Une petite brève estivale. Nous ne sommes pas dans une chaude journée de février comme dit dans la première phrase du poème "Ouvriers" des Illuminations, mais dans un temps fort d'une canicule de juillet.
Je tiens pourtant à dire un mot sur cette pièce en prose.
Comme pour la plupart des poèmes en prose de Rimbaud, nous avons droit pour titre à un mot nu, à un mot laissé tout seul : "Mouvement", "Enfance", "Génie", "Barbare", etc. D'après le manuscrit, le titre originel était renforcé de l'article défini : "Les Ouvriers", Rimbaud l'a ensuite biffé, mais il n'a pas biffé l'article du titre "Les Ponts". Il est vrai comme l'écrivait Fongaro que le titre assez sec "Ponts" passerait assez mal.
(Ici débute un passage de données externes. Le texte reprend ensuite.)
(* The $q$-Schröder numbers $r_n(q)=\sum_{k=0}^n\binom{n+k}{n-k}C_kq^{n-k}$, $n\ge0$, where $C_k=\frac{1}{k+1}\binom{2k}{k}$ is the $k$-th Catalan number, form a $q$-log-convex sequence.
   Context: For real polynomials $f,g$ write $f\le_q g$ if $g-f$ has nonnegative coefficients; a sequence $\{P_n(q)\}_{n\ge0}$ is $q$-log-convex if $P_n(q)^2\le_q P_{n-1}(q)P_{n+1}(q)$ for all $n\ge 1$. *)

From mathcomp Require Import all_boot all_order all_algebra.
Set Implicit Arguments. Unset Strict Implicit. Unset Printing Implicit Defensive.
Import Order.TTheory GRing.Theory Num.Theory.
Local Open Scope ring_scope.

(* Catalan number C_k = binom(2k,k)/(k+1) (exact division in nat). *)
Definition catalan (k : nat) : nat := ('C(k.*2, k) %/ k.+1)%N.

Definition qschroeder (n : nat) : {poly int} :=
  \sum_(0 <= k < n.+1) (('C(n + k, n - k) * catalan k)%N)%:R *: 'X^(n - k).

Definition qle (R : numDomainType) (f g : {poly R}) : Prop :=
  forall i : nat, 0 <= (g - f)`_i.

Definition q_log_convex (R : numDomainType) (P : nat -> {poly R}) : Prop :=
  forall n : nat, (1 <= n)%N -> qle (P n ^+ 2) (P n.-1 * P n.+1).

From mathcomp Require Import all_boot all_order all_algebra.
From mathcomp Require Import ring zify.
Set Implicit Arguments. Unset Strict Implicit. Unset Printing Implicit Defensive.
Import Order.TTheory GRing.Theory Num.Theory.
Local Open Scope ring_scope.

(* The q-Schroeder numbers form the 0th column of the triangle T whose rows are
   generated by the production matrix P with entries 1 + q on and below the
   diagonal, 1 on the superdiagonal and 0 above: T(n+1, -) = T(n, -) P.  This is
   checked through an explicit formula for the coefficients of T(n, h), as
   products of a binomial coefficient and a ballot number.  All 2x2 minors of P
   have nonnegative coefficients, so by the Cauchy-Binet formula so do the 2x2
   minors of two consecutive rows of T.  A second application of Cauchy-Binet,
   to the columns e_0 and P(-, 0), writes r_(n-1) r_(n+1) - r_n^2 as a sum of
   such minors times polynomials with nonnegative coefficients. *)

Section NonnegPoly.
Variable R : numDomainType.
Implicit Types p q : {poly R}.

Definition poly_nneg p := forall i, 0 <= p`_i.

Lemma poly_nneg0 : poly_nneg 0. Proof. by move=> i; rewrite coef0. Qed.
Lemma poly_nneg1 : poly_nneg 1. Proof. by move=> i; rewrite coef1 ler0n. Qed.
Lemma poly_nnegX : poly_nneg 'X. Proof. by move=> i; rewrite coefX ler0n. Qed.

Lemma poly_nnegD p q : poly_nneg p -> poly_nneg q -> poly_nneg (p + q).
Proof. by move=> hp hq i; rewrite coefD addr_ge0. Qed.

Lemma poly_nnegM p q : poly_nneg p -> poly_nneg q -> poly_nneg (p * q).
Proof.
by move=> hp hq i; rewrite coefM; apply: sumr_ge0 => j _; apply: mulr_ge0.
Qed.

Lemma poly_nneg_sum (I : Type) (r : seq I) (Pr : pred I) (F : I -> {poly R}) :
  (forall i, Pr i -> poly_nneg (F i)) -> poly_nneg (\sum_(i <- r | Pr i) F i).
Proof.
by move=> hF; elim/big_ind: _ => //; [apply: poly_nneg0 | apply: poly_nnegD].
Qed.

End NonnegPoly.

Lemma sum_ord_mul_delta (R : nzRingType) N (F : nat -> R) k :
  ((N <= k)%N -> F k = 0) -> \sum_(i < N) F i * (i == k :> nat)%:R = F k.
Proof.
move=> F_supp; case: (ltnP k N) => [kN | Nk].
  rewrite (bigD1 (Ordinal kN)) //= eqxx mulr1 big1 ?addr0 // => i ik.
  rewrite (_ : (i == k :> nat) = false) ?mulr0 //.
  by apply: contraNF ik => /eqP ik; apply/eqP/val_inj.
rewrite F_supp // big1 // => i _; rewrite (_ : (i == k :> nat) = false) ?mulr0 //.
by apply/negbTE; rewrite neq_ltn (leq_trans (ltn_ord i) Nk).
Qed.

Lemma cauchy_binet2 (R : comPzRingType) N (x y a b : nat -> R) :
  (\sum_(i < N) x i * a i) * (\sum_(j < N) y j * b j)
  - (\sum_(i < N) x i * b i) * (\sum_(j < N) y j * a j)
  = \sum_(j < N) \sum_(i < j) (x i * y j - x j * y i) * (a i * b j - a j * b i).
Proof.
elim: N => [|N IH]; first by rewrite !big_ord0; ring.
rewrite !big_ord_recr /= -IH.
have -> : \sum_(i < N) (x i * y N - x N * y i) * (a i * b N - a N * b i)
  = (\sum_(i < N) x i * a i) * (y N * b N) - (\sum_(i < N) x i * b i) * (y N * a N)
    - x N * b N * (\sum_(j < N) y j * a j) + x N * a N * (\sum_(j < N) y j * b j).
  rewrite !big_distrl !big_distrr /= -!sumrB -big_split /=.
  by apply: eq_bigr => i _; ring.
ring.
Qed.

Section ProductionMatrix.
Variable R : numDomainType.
Variables P A : nat -> nat -> {poly R}.
Hypothesis P_nneg : forall i k, poly_nneg (P i k).
Hypothesis P_minor_nneg : forall i j k l, (i < j)%N -> (k < l)%N ->
  poly_nneg (P i k * P j l - P j k * P i l).
Hypothesis P_hessenberg : forall i k, (i.+1 < k)%N -> P i k = 0.
Hypothesis A_row0 : forall k, A 0 k = (k == 0)%:R.
Hypothesis A_rowS : forall n k, A n.+1 k = \sum_(i < n.+1) A n i * P i k.

Lemma array_gt n k : (n < k)%N -> A n k = 0.
Proof.
case: n => [|n] nk; first by rewrite A_row0; case: k nk.
rewrite A_rowS big1 // => i _.
by rewrite P_hessenberg ?mulr0 // (leq_trans _ nk) // ltnS ltn_ord.
Qed.

Lemma array_rowS_widen N n k : (n < N)%N -> A n.+1 k = \sum_(i < N) A n i * P i k.
Proof.
move=> nN; rewrite A_rowS (big_ord_widen N (fun i => A n i * P i k) nN) big_mkcond.
by apply: eq_bigr => i _; case: ltnP => // ni; rewrite array_gt ?mul0r.
Qed.

Lemma array_nneg n k : poly_nneg (A n k).
Proof.
elim: n k => [|n IH] k.
  by rewrite A_row0; case: (k == 0); [apply: poly_nneg1 | apply: poly_nneg0].
by rewrite A_rowS; apply: poly_nneg_sum => i _; apply: poly_nnegM.
Qed.

Definition minors_nneg (x y : nat -> {poly R}) :=
  forall k l, (k < l)%N -> poly_nneg (x k * y l - x l * y k).

Lemma minors_nneg_mulP N x y : minors_nneg x y ->
  minors_nneg (fun k => \sum_(i < N) x i * P i k) (fun k => \sum_(i < N) y i * P i k).
Proof.
move=> xy k l kl /=; rewrite (cauchy_binet2 N x y (P^~ k) (P^~ l)).
by do 2!apply: poly_nneg_sum => ? _; apply: poly_nnegM; [apply: xy | apply: P_minor_nneg].
Qed.

Lemma array_minors_nneg n : minors_nneg (A n) (A n.+1).
Proof.
elim: n => [|n IH] k l kl.
  rewrite [A 0 l]array_gt ?(leq_ltn_trans _ kl) // mul0r subr0.
  by apply: poly_nnegM; apply: array_nneg.
rewrite (@array_rowS_widen n.+2 n.+1 l) // (@array_rowS_widen n.+2 n.+1 k) //.
rewrite (@array_rowS_widen n.+2 n l) // (@array_rowS_widen n.+2 n k) //.
exact: (minors_nneg_mulP n.+2 IH kl).
Qed.

Lemma array_col0_q_log_convex : q_log_convex (fun n => A n 0).
Proof.
move=> [//|m] _ /=.
have := cauchy_binet2 m.+2 (A m) (A m.+1) (fun i => (i == 0)%:R) (fun i => P i 0).
have A_supp j : (m.+2 <= j)%N -> A m j = 0 by move=> ?; apply/array_gt/ltnW.
rewrite (sum_ord_mul_delta (A_supp 0)) (sum_ord_mul_delta (@array_gt m.+1 0)).
rewrite -!array_rowS_widen // expr2 /qle -/(poly_nneg _) => ->.
apply: poly_nneg_sum => j _; apply: poly_nneg_sum => i _.
rewrite (_ : (j == 0 :> nat) = false); last first.
  by apply/negbTE; rewrite -lt0n (leq_trans _ (ltn_ord i)).
rewrite mul0r subr0; apply: poly_nnegM; first exact: array_minors_nneg.
apply: poly_nnegM => //; case: (i == 0 :> nat); [apply: poly_nneg1 | apply: poly_nneg0].
Qed.

End ProductionMatrix.

Definition schroeder_prod (i k : nat) : {poly int} :=
  if (k <= i)%N then 1 + 'X else (k == i.+1)%:R.

Lemma schroeder_prod_nneg i k : poly_nneg (schroeder_prod i k).
Proof.
rewrite /schroeder_prod; case: ifP => _.
  exact: poly_nnegD (poly_nneg1 _) (poly_nnegX _).
by case: eqP => _; [apply: poly_nneg1 | apply: poly_nneg0].
Qed.

Lemma schroeder_prod_hessenberg i k : (i.+1 < k)%N -> schroeder_prod i k = 0.
Proof. by move=> ik; rewrite /schroeder_prod (gtn_eqF ik) ifN //; lia. Qed.

Lemma schroeder_prod_le i k : (k <= i)%N -> schroeder_prod i k = 1 + 'X.
Proof. by rewrite /schroeder_prod => ->. Qed.

Lemma schroeder_prod_diagS i : schroeder_prod i i.+1 = 1.
Proof. by rewrite /schroeder_prod ltnn eqxx. Qed.

Lemma schroeder_prod_minor_nneg i j k l : (i < j)%N -> (k < l)%N ->
  poly_nneg (schroeder_prod i k * schroeder_prod j l
             - schroeder_prod j k * schroeder_prod i l).
Proof.
move=> ij kl; case: (ltngtP l i.+1) => li.
- by rewrite !schroeder_prod_le ?subrr; [apply: poly_nneg0 | lia ..].
- rewrite [schroeder_prod i l]schroeder_prod_hessenberg // mulr0 subr0.
  by apply: poly_nnegM; apply: schroeder_prod_nneg.
- rewrite li schroeder_prod_diagS !schroeder_prod_le; try lia.
  rewrite (_ : _ - _ = 'X + 'X * 'X); last by ring.
  by apply: poly_nnegD; [|apply: poly_nnegM]; apply: poly_nnegX.
Qed.

Lemma schroeder_prod_subS i k :
  schroeder_prod i k - schroeder_prod i k.+1 = 'X * (i == k)%:R + (i.+1 == k)%:R.
Proof.
case: (ltngtP k i) => ki.
- have ki' := ltnW ki.
  by rewrite !schroeder_prod_le // subrr (@gtn_eqF k i.+1 ki') mulr0 addr0.
- rewrite [schroeder_prod i k.+1]schroeder_prod_hessenberg // subr0 mulr0 add0r.
  by rewrite /schroeder_prod leqNgt ki eq_sym.
- rewrite ki schroeder_prod_le // schroeder_prod_diagS (gtn_eqF (ltnSn i)).
  by rewrite addrAC subrr add0r mulr1 addr0.
Qed.

Section DownwardRecurrence.
Variable g : nat -> nat -> {poly int}.
Hypothesis g_gt : forall n k, (n < k)%N -> g n k = 0.
Hypothesis g_rec : forall n k,
  g n.+1 k = (if k is k'.+1 then g n k' else 0) + 'X * g n k + g n.+1 k.+1.

(* Both sides vanish for k > n + 1 and, by schroeder_prod_subS, obey the same
   recurrence downwards in k. *)
Lemma schroeder_rowS n k : g n.+1 k = \sum_(i < n.+1) g n i * schroeder_prod i k.
Proof.
set S := fun k => \sum_(i < n.+1) g n i * schroeder_prod i k; change (g n.+1 k = S k).
have g_supp j : (n.+1 <= j)%N -> g n j = 0 by apply: g_gt.
have S_subS j : S j - S j.+1 = 'X * g n j + (if j is j'.+1 then g n j' else 0).
  rewrite /S -sumrB.
  under eq_bigr => i _ do rewrite -mulrBr schroeder_prod_subS mulrDr mulrCA.
  rewrite big_split /= -mulr_sumr (sum_ord_mul_delta (g_supp _)); case: j => [|j].
    by rewrite big1 // => i _; rewrite mulr0.
  by under eq_bigr => i _ do rewrite eqSS; rewrite (sum_ord_mul_delta (g_supp _)).
move: {2}(n.+2 - k)%N (erefl (n.+2 - k)%N) => m; elim: m k => [|m IH] k km.
  rewrite g_gt /S ?big1 // => [i _|]; last by lia.
  by rewrite schroeder_prod_hessenberg ?mulr0 //; have := ltn_ord i; lia.
rewrite g_rec (IH k.+1); last by lia.
by rewrite -[S k](subrK (S k.+1)) S_subS [_ + 'X * _]addrC.
Qed.

End DownwardRecurrence.

Definition ballot (u d : nat) : int :=
  'C(u + d, d)%:R - (if d is d'.+1 then 'C(u + d, d') else 0)%:R.

Lemma ballot0 u : ballot u 0 = 1.
Proof. by rewrite /ballot addn0 bin0 subr0. Qed.

Lemma ballotSS u d : ballot u.+1 d.+1 = ballot u d.+1 + ballot u.+1 d.
Proof.
rewrite /ballot; case: d => [|d].
  by rewrite addn1 addn0 !bin1 !bin0 -addn1 natrD; ring.
by rewrite !addSn !addnS !binS !natrD; ring.
Qed.

Lemma ballot_diagS u : ballot u u.+1 = 0.
Proof.
rewrite /ballot -(@bin_sub (u + u.+1) u) ?leq_addr //.
by rewrite (_ : (u + u.+1 - u = u.+1)%N) ?subrr //; lia.
Qed.

Lemma catalan_ballot u : (catalan u)%:R = ballot u u.
Proof.
case: u => [|u]; first by rewrite ballot0 /catalan bin0 divn1.
rewrite /catalan /ballot -addnn.
set X := 'C(u.+1 + u.+1, u.+1); set Y := 'C(u.+1 + u.+1, u).
have XY : (u.+1 * X = u.+2 * Y)%N.
  by rewrite /X /Y (mul_bin_left (u.+1 + u.+1) u); congr (_ * _)%N; lia.
have -> : X = (u.+2 * (X - Y))%N by nia.
by rewrite mulKn // natrB //; nia.
Qed.

Definition schroeder_coef (u d j : nat) : int := 'C(u + d + j, j)%:R * ballot u d.

Lemma schroeder_coef_rec u d j : (d <= u)%N -> (0 < u + j)%N ->
  schroeder_coef u d j = (if (d < u)%N then schroeder_coef u.-1 d j else 0)
    + (if j is j'.+1 then schroeder_coef u d j' else 0)
    + (if d is d'.+1 then schroeder_coef u d' j else 0).
Proof.
rewrite /schroeder_coef; case: u => [|u] du u_j.
  have -> : d = 0%N by lia.
  by case: j u_j => [|j] //= _; rewrite !add0n !binn; ring.
case: d du => [|d] du.
  rewrite /= !ballot0 !addn0.
  by case: j {u_j} => [|j]; rewrite ?bin0 // !addSn !addnS binS natrD; ring.
have -> : (if (d.+1 < u.+1)%N then 'C(u + d.+1 + j, j)%:R * ballot u d.+1 else 0)
    = 'C(u + d.+1 + j, j)%:R * ballot u d.+1.
  by case: ltnP => //= ud; rewrite (_ : d = u) ?ballot_diagS ?mulr0 //; lia.
rewrite ballotSS; case: j {u_j} => [|j]; first by rewrite !addn0 !bin0; ring.
by rewrite !addSn !addnS binS natrD; ring.
Qed.

(* The coefficient of q^j in T(n, h): C(2n-h-j, j) times a ballot number. *)
Definition triangle_coef (n h j : nat) : int :=
  if (h + j <= n)%N then schroeder_coef (n - j) (n - h - j) j else 0.

Lemma triangle_coef_rec n h j :
  triangle_coef n.+1 h j = (if h is h'.+1 then triangle_coef n h' j else 0)
    + (if j is j'.+1 then triangle_coef n h j' else 0) + triangle_coef n.+1 h.+1 j.
Proof.
rewrite /triangle_coef; case: (leqP (h + j) n.+1) => hj; last first.
  by case: h hj => [|h] hj; case: j hj => [|j] hj; rewrite ?ifN ?addr0 //; lia.
rewrite (@schroeder_coef_rec (n.+1 - j) (n.+1 - h - j) j); try lia.
congr (_ + _ + _).
- case: h hj => [|h] hj; first by rewrite ifN //; lia.
  by rewrite !ifT; try lia; congr schroeder_coef; lia.
- case: j hj => [|j] hj //.
  by rewrite ifT; try lia; congr schroeder_coef; lia.
- case E: (n.+1 - h - j)%N => [|d]; first by rewrite ifN //; lia.
  by rewrite ifT; try lia; congr schroeder_coef; lia.
Qed.

Definition schroeder_triangle (n h : nat) : {poly int} :=
  \poly_(j < n.+1) triangle_coef n h j.

Lemma coef_schroeder_triangle n h j : (schroeder_triangle n h)`_j = triangle_coef n h j.
Proof. by rewrite coef_poly; case: ltnP => // nj; rewrite /triangle_coef ifN //; lia. Qed.

Lemma schroeder_triangle_gt n h : (n < h)%N -> schroeder_triangle n h = 0.
Proof.
move=> nh; apply/polyP => j.
by rewrite coef_schroeder_triangle coef0 /triangle_coef ifN //; lia.
Qed.

Lemma schroeder_triangle_rec n h :
  schroeder_triangle n.+1 h = (if h is h'.+1 then schroeder_triangle n h' else 0)
    + 'X * schroeder_triangle n h + schroeder_triangle n.+1 h.+1.
Proof.
apply/polyP => j; rewrite !coefD coefXM !coef_schroeder_triangle triangle_coef_rec.
by case: h => [|h]; case: j => [|j]; rewrite ?coef0 ?coef_schroeder_triangle.
Qed.

Lemma schroeder_triangle_row0 k : schroeder_triangle 0 k = (k == 0)%:R.
Proof.
apply/polyP => j; rewrite coef_schroeder_triangle coefMn coef1 /triangle_coef.
by case: k => [|k]; case: j => [|j].
Qed.

Lemma schroeder_triangle_col0 n : schroeder_triangle n 0 = qschroeder n.
Proof.
apply/polyP => j; rewrite coef_schroeder_triangle /qschroeder coef_sum big_mkord.
under eq_bigr => k _ do rewrite coefZ coefXn.
case: (leqP j n) => jn; last first.
  rewrite /triangle_coef ifN; last by lia.
  by rewrite big1 // => k _; rewrite (_ : (j == n - k)%N = false) ?mulr0 //; lia.
under eq_bigr => k _.
  rewrite (_ : (j == n - k)%N = (k == n - j :> nat)%N); last by have := ltn_ord k; lia.
  over.
rewrite (@sum_ord_mul_delta _ n.+1 (fun k => ('C(n + k, n - k) * catalan k)%:R));
  last by lia.
rewrite /triangle_coef ifT // natrM catalan_ballot /schroeder_coef subn0.
by congr (_%:R * _); congr binomial; lia.
Qed.

Theorem corollary4p10 : q_log_convex qschroeder.
Proof.
move=> n n_gt0; rewrite -!schroeder_triangle_col0.
have rowS := schroeder_rowS schroeder_triangle_gt schroeder_triangle_rec.
exact: (array_col0_q_log_convex schroeder_prod_nneg schroeder_prod_minor_nneg
  schroeder_prod_hessenberg schroeder_triangle_row0 rowS n_gt0).
Qed.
Cependant, Rimbaud n'a pas eu à supprimer les titres des poèmes sur les autres manuscrits. Le titre flanqué d'un déterminant avait été assumé, un temps préféré,...
Qu'on se rassure ! je ne vais pas partir ici dans des considérations compliquées et aventureuses sur la portée éventuelle de la présence de cet article défini dans le titre du poème. Il a été biffé et la variation montre que cela ne porte pas tellement à conséquence. En revanche, le titre est quelque peu énigmatique. En général, on se contente d'identifier dans ce couple d'un homme et d'une femme deux ouvriers, et on parle des indices de littérature romanesque réaliste, si pas naturaliste, du texte avec la "jupe de carreau à coton blanc et brun", les "vilaines odeurs", le "tour dans la banlieue", la "ville", sa "fumée" et ses "bruits de métiers", le "bras durci", l'emploi de l'adjectif "misérables", etc. Cependant, l'action décrite par le poème n'est pas ouvrière en tant que telle. Et Fongaro a soutenu une lecture moins réaliste et plus en phase avec l'idée d'un poème d'illustration ésotérique du projet de "voyant" en identifiant le couple aux poètes Rimbaud et Verlaine. Fongaro présupposait alors une double signification particulière du mot "ouvriers" avec le sens de meneurs d'un travail poétique grave, que Fongaro soutient être aussitôt retourné malicieusement en son quelque peu contraire obscène. La lecture réaliste résiste mieux à l'analyse que l'hypothèse compliquée de Fongaro, même si les équivoques obscènes ne doivent pas être exclues sans procès. Néanmoins, pour le sens du mot "ouvriers", il y a une autre possibilité. De nombreux poèmes de Rimbaud retournent le langage de la religion contre elle, ou bien y font allusion pour indiquer un horizon repoussoir. Et, au plan religieux, le mot "ouvriers" a un sens. Les gens d'église sont des ouvriers de Dieu, des ouvriers de sa vigne ! Le poème parle d'un "autre monde". Il est question d'une merveille comique avec les poissons apparus dans une flache du mois précédent, sorte de témoignage d'un miracle qui ne retiendra pas l'attention du locuteur du poème. Il est ensuite question d'une dépense vaine et d'un manque de force et de science pour clore le poème sur l'illusion d'une "chère image" dont rien ne nous est dit de précis. C'est ce sens religieux détourné qui me paraît le mieux rendre compte du discours de désespoir du mari énonciateur fictif de cette prose.